Judicial review in India is a process by which the Supreme Court and the High Courts of India review executive or legislative actions. They may invalidate amendments, laws, acts and governmental actions that are incompatible with the terms of the Constitution of India.  

Judicial review is one of the checks and balances in the separation of powers: the power of the judiciary to supervise the legislative and executive branches when the latter exceed their authority. The courts invalidate laws, acts and governmental (executive) actions which violate constitutional provisions. The courts can invalidate any constitutional amendments if they infringe on the basic structure of the Indian Constitution. 

Frequently, this power is used to the protect and enforce the fundamental rights guaranteed in the Constitution. To a lesser extent, judicial review is used in matters concerning legislative competence with regard to the centre-state relations.

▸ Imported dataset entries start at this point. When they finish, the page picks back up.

(* Let $1\le n\le L$. If $q_i=0$ for all $i=1,\dots,n$, then $$Z_{L,n}=(p_1\cdots p_n)^{L-n}\,h_{L-n}\!\left(\frac{1}{p_1},\dots,\frac{1}{p_n}\right),$$ where $h_m(x_1,\dots,x_n)=\sum_{1\le i_1\le\cdots\le i_m\le n}x_{i_1}\cdots x_{i_m}$ is the complete homogeneous symmetric polynomial of degree $m$.
   Context: Particle labels are taken modulo $n$. $\Omega_{L,n}$ is the set of words $w_1\cdots w_L$ on the ring $\mathbb{Z}/L\mathbb{Z}$ over the alphabet $\{\bullet_1,\dots,\bullet_n,\Box_1,\dots,\Box_n\}$ in which each $\bullet_k$ occurs exactly once, the $\bullet_1,\dots,\bullet_n$ appear in this cyclic order, and the remaining $L-n$ letters are arbitrary $\Box_i$'s. For $w\in\Omega_{L,n}$ let $b_k$ be the position of $\bullet_k$ and $C_k$ the set of positions strictly between $b_k$ and $b_{k+1}$ going cyclically forward ($b_{n+1}=b_1$). For $i,k\in\{1,\dots,n\}$ set $w_\Box(i,k)=p_1\cdots p_{i-1}q_{i+1}\cdots q_kp_{k+1}\cdots p_n$ if $i\le k$ and $w_\Box(i,k)=q_1\cdots q_kp_{k+1}\cdots p_{i-1}q_{i+1}\cdots q_n$ if $k<i$ (empty products are $1$). The weight is $\mathrm{wt}(w)=\prod_{k=1}^n\prod_{j\in C_k}w_\Box(i_j,k)$ where $w_j=\Box_{i_j}$. The restricted partition function is the polynomial $Z_{L,n}=\sum\mathrm{wt}(w)$, summed over $w\in\Omega_{L,n}$ with $w_1=\bullet_1$; the claim concerns its specialization at $q_1=\cdots=q_n=0$. *)

(* Positions 1..L of the paper are 'I_L (paper position j+1 = j),
   particle labels 1..n are 'I_n (paper label k+1 = k). *)
From mathcomp Require Import all_boot all_order all_algebra.
Set Implicit Arguments. Unset Strict Implicit. Unset Printing Implicit Defensive.
Import Order.TTheory GRing.Theory Num.Theory.
Local Open Scope ring_scope.

(* A letter: (true, k) = bullet_k, (false, i) = box_i. *)
Definition letter (n : nat) := (bool * 'I_n)%type.
Definition word (L n : nat) := {ffun 'I_L -> letter n}.

Section Defs.
Variables (L n : nat).

(* position (as a nat in [0, L)) of bullet_k; meaningful when it occurs once *)
Definition bpos (w : word L n) (k : 'I_n) : nat :=
  odflt 0%N (omap (@nat_of_ord L) [pick j | w j == (true, k)]).

Definition bullets_once (w : word L n) : bool :=
  [forall k : 'I_n, #|[set j : 'I_L | w j == (true, k)]| == 1%N].

(* bullets appear in cyclic order bullet_1, ..., bullet_n: their cyclic
   offsets from bullet_1 are strictly increasing *)
Definition b1pos (w : word L n) : nat :=
  odflt 0%N (omap (bpos w) [pick k0 : 'I_n | val k0 == 0%N]).

Definition cyc_off (w : word L n) (k : 'I_n) : nat :=
  ((bpos w k + L - b1pos w) %% L)%N.

Definition cyclic_order (w : word L n) : bool :=
  [forall k : 'I_n, forall k' : 'I_n, (k < k')%N ==> (cyc_off w k < cyc_off w k')%N].

Definition Omega (w : word L n) : bool := bullets_once w && cyclic_order w.

Definition starts_bullet1 (w : word L n) : bool :=
  [forall j : 'I_L, (val j == 0%N) ==> ((w j).1 && (val (w j).2 == 0%N))].

Definition nextb (w : word L n) (k : 'I_n) : nat :=
  odflt 0%N (omap (bpos w) [pick k' : 'I_n | val k' == ((k.+1) %% n)%N]).

(* cyclic forward distance from b_k to b_{k+1}; equals L when b_{k+1} = b_k (n = 1) *)
Definition gap (w : word L n) (k : 'I_n) : nat :=
  (((nextb w k + L - bpos w k).-1 %% L).+1)%N.

(* C_k : positions strictly between b_k and b_{k+1} going cyclically forward *)
Definition Cset (w : word L n) (k : 'I_n) : {set 'I_L} :=
  [set j : 'I_L | (0 < (j + L - bpos w k) %% L < gap w k)%N].

Variable R : comRingType.
Variables p q : 'I_n -> R.

Definition wbox (i k : 'I_n) : R :=
  \prod_(j < n | j != i)
     (if (i <= k)%N then (if (i < j)%N && (j <= k)%N then q j else p j)
      else (if (j <= k)%N || (i < j)%N then q j else p j)).

Definition wt (w : word L n) : R :=
  \prod_(k < n) \prod_(j in Cset w k) wbox (w j).2 k.

Definition Zpart : R :=
  \sum_(w : word L n | Omega w && starts_bullet1 w) wt w.

End Defs.

Definition hcompl (R : comRingType) (n m : nat) (x : 'I_n -> R) : R :=
  \sum_(s : m.-tuple 'I_n | sorted leq (map (@nat_of_ord n) s)) \prod_(i <- s) x i.

From mathcomp Require Import all_boot all_order all_algebra.
From mathcomp Require Import zify.
Import GRing.Theory.
Set Implicit Arguments. Unset Strict Implicit. Unset Printing Implicit Defensive.

(* With q = 0 the factor w_Box(i,k) vanishes unless i = k, and w_Box(k,k) is
   p_1...p_n / p_k.  So the only words that contribute are those whose gaps C_k
   consist of boxes Box_k; with w_1 = bullet_1 such a word is determined by its
   gap lengths c_k, which sum to L - n, and it weighs prod_k (p_1...p_n / p_k)^c_k.
   Recording the gap lengths as the weakly increasing (L - n)-tuple with c_k
   entries equal to k matches these words with the monomials of h_(L-n), and the
   weight with (p_1...p_n)^(L-n) times the monomial evaluated at 1/p. *)

Section WordOfBullets.
Variables L n : nat.
Implicit Types (B : nat -> nat) (j k : nat).

Definition bullets_increasing B := forall k k', k < k' -> k' <= n -> B k < B k'.

(* Particles are labelled 0..n.  Bullet k sits at position B k (bullet 0 at
   position 0, so it is not counted by last_bullet) and every other position
   holds a box labelled by the last bullet to its left. *)
Definition last_bullet B j := count (fun k => B k <= j) (iota 1 n).

Definition word_of_bullets B : word L n.+1 :=
  [ffun j : 'I_L => (j == B (last_bullet B j) :> nat, inord (last_bullet B j))].

Definition next_bullet B k := if k < n then B k.+1 else L.

Lemma bullets_increasing_leq B k k' :
  bullets_increasing B -> k <= k' -> k' <= n -> B k <= B k'.
Proof.
move=> B_incr; rewrite leq_eqVlt => /orP[/eqP -> // | lt_kk'] le_k'n.
exact/ltnW/B_incr.
Qed.

Lemma count_iota_leq k : k <= n -> count (fun x => x <= k) (iota 1 n) = k.
Proof.
move=> le_kn; rewrite -size_filter -[k in RHS](size_iota 1) -(filter_iota_ltn 1 le_kn).
by congr size; apply: eq_filter.
Qed.

Lemma last_bullet_le B j : last_bullet B j <= n.
Proof. by rewrite -[n in _ <= n](size_iota 1) count_size. Qed.

Lemma last_bulletE B j k : bullets_increasing B -> k <= n ->
  B k <= j -> (k < n -> j < B k.+1) -> last_bullet B j = k.
Proof.
move=> B_incr le_kn le_Bk_j lt_j_next; rewrite /last_bullet -(count_iota_leq le_kn).
apply: eq_in_count => x; rewrite mem_iota add1n ltnS => /andP[_ le_xn].
have [le_xk | lt_kx] := leqP x k.
  by apply/idP; apply: leq_trans le_Bk_j; apply: bullets_increasing_leq.
apply/negbTE; rewrite -ltnNge.
have lt_kn : k < n by apply: leq_trans lt_kx le_xn.
by apply: leq_trans (lt_j_next lt_kn) _; apply: bullets_increasing_leq.
Qed.

Lemma last_bullet_at B k : bullets_increasing B -> k <= n -> last_bullet B (B k) = k.
Proof. by move=> B_incr le_kn; apply: last_bulletE => // lt_kn; apply: B_incr. Qed.

Lemma last_bulletP B j : bullets_increasing B -> B 0 = 0 ->
  B (last_bullet B j) <= j /\ (last_bullet B j < n -> j < B (last_bullet B j).+1).
Proof.
move=> B_incr B0.
have [k [le_kn le_Bk_j lt_j_next]] :
    exists k, [/\ k <= n, B k <= j & (k < n -> j < B k.+1)].
  suff /(_ n (leqnn n)) : forall t, t <= n ->
      exists k, [/\ k <= t, B k <= j & (k < t -> j < B k.+1)] by [].
  elim=> [|t IHt] lt_tn; first by exists 0; rewrite B0.
  have [le_Bt1_j | lt_j_Bt1] := leqP (B t.+1) j.
    by exists t.+1; rewrite ltnn.
  have [k [le_kt le_Bk_j lt_j_next]] := IHt (ltnW lt_tn).
  exists k; split=> //; first exact: leqW.
  by move: le_kt; rewrite leq_eqVlt => /orP[/eqP -> // | /lt_j_next].
by rewrite (last_bulletE B_incr le_kn le_Bk_j lt_j_next).
Qed.

Lemma word_of_bullets_bullet B (j : 'I_L) (k : 'I_n.+1) : bullets_increasing B ->
  (word_of_bullets B j == (true, k)) = (j == B k :> nat).
Proof.
move=> B_incr; rewrite ffunE; apply/eqP/eqP => [[/eqP j_eq <-] | j_eq].
  by rewrite inordK ?ltnS ?last_bullet_le.
by rewrite j_eq last_bullet_at ?eqxx ?inord_val // -ltnS.
Qed.

Lemma eq_word_of_bullets B1 B2 :
  (forall k, k <= n -> B1 k = B2 k) -> word_of_bullets B1 = word_of_bullets B2.
Proof.
move=> eqB; have eq_last j : last_bullet B1 j = last_bullet B2 j.
  by apply: eq_in_count => x; rewrite mem_iota add1n ltnS => /andP[_ /eqB ->].
by apply/ffunP => j; rewrite !ffunE eq_last eqB // last_bullet_le.
Qed.

End WordOfBullets.

Section BulletsOfWord.
Variables L n : nat.
Variable w : word L n.+1.
Hypothesis w_once : bullets_once w.

Lemma bpos_bullet (j : 'I_L) (k : 'I_n.+1) : w j = (true, k) -> nat_of_ord j = bpos w k.
Proof.
move/forallP/(_ k)/cards1P: w_once => [j0 bullet_k] /eqP.
have bulletE x : (w x == (true, k)) = (x == j0) by rewrite -in_set1 -bullet_k inE.
rewrite bulletE => /eqP ->; rewrite /bpos.
by case: pickP => [j' | /(_ j0)]; rewrite bulletE ?eqxx // => /eqP ->.
Qed.

Lemma bullet_occurs (k : 'I_n.+1) : exists j, w j = (true, k).
Proof.
move/forallP/(_ k)/cards1P: w_once => [j bullet_k].
have /[!inE] /eqP wj : j \in [set j | w j == (true, k)] by rewrite bullet_k set11.
by exists j.
Qed.

Lemma bpos_lt k : bpos w k < L.
Proof. by have [j /bpos_bullet <-] := bullet_occurs k. Qed.

Lemma word_len_gt0 : 0 < L.
Proof. exact: leq_ltn_trans (bpos_lt ord0). Qed.

Hypothesis w_start : starts_bullet1 w.

Lemma bpos_ord0 : bpos w ord0 = 0.
Proof.
have /= := forallP w_start (Ordinal word_len_gt0).
case w0: (w _) => [[] k] //= /eqP k0.
by rewrite (_ : ord0 = k) -?(bpos_bullet w0) //; apply: val_inj.
Qed.

Lemma b1pos_eq0 : b1pos w = 0.
Proof.
rewrite /b1pos; case: pickP => [k /eqP k0 | /(_ ord0) //] /=.
by rewrite -bpos_ord0; congr bpos; apply: val_inj.
Qed.

Lemma cyc_off_bpos k : cyc_off w k = bpos w k.
Proof. by rewrite /cyc_off b1pos_eq0 subn0 modnDr modn_small ?bpos_lt. Qed.

Definition bullet_pos k := bpos w (inord k).

Lemma bullet_pos_ord (k : 'I_n.+1) : bullet_pos k = bpos w k.
Proof. by rewrite /bullet_pos inord_val. Qed.

Lemma bullet_pos0 : bullet_pos 0 = 0.
Proof. exact: etrans (bullet_pos_ord ord0) bpos_ord0. Qed.

Lemma bullet_pos_lt k : bullet_pos k < L.
Proof. exact: bpos_lt. Qed.

Hypothesis w_cyclic : cyclic_order w.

The Constitutional Provisions 
The provisions in Constitution of India related to the Judicial Review: 

 Article 13
 Article 32: enshrines the Right to Constitutional Remedies.
 Article 131 to 134: provides the Supreme Court with the original jurisdiction for centre-state and inter-state conflicts, constitutional, civil and criminal cases.
 Article 135: authorises the Supreme Court to exercise the jurisdiction and powers of the federal court under any pre-constitution law
 Article 136: deals with Special Leave to Appeal in India.
 Article 143
 Article 226 to 227: authorises the high courts with the power of judicial review.
 Article 245 to 246
 Article 251 and Article 254: deals with situations where there is a dispute between the central and state laws. 
 Article 372: deals with pre-constitutional laws.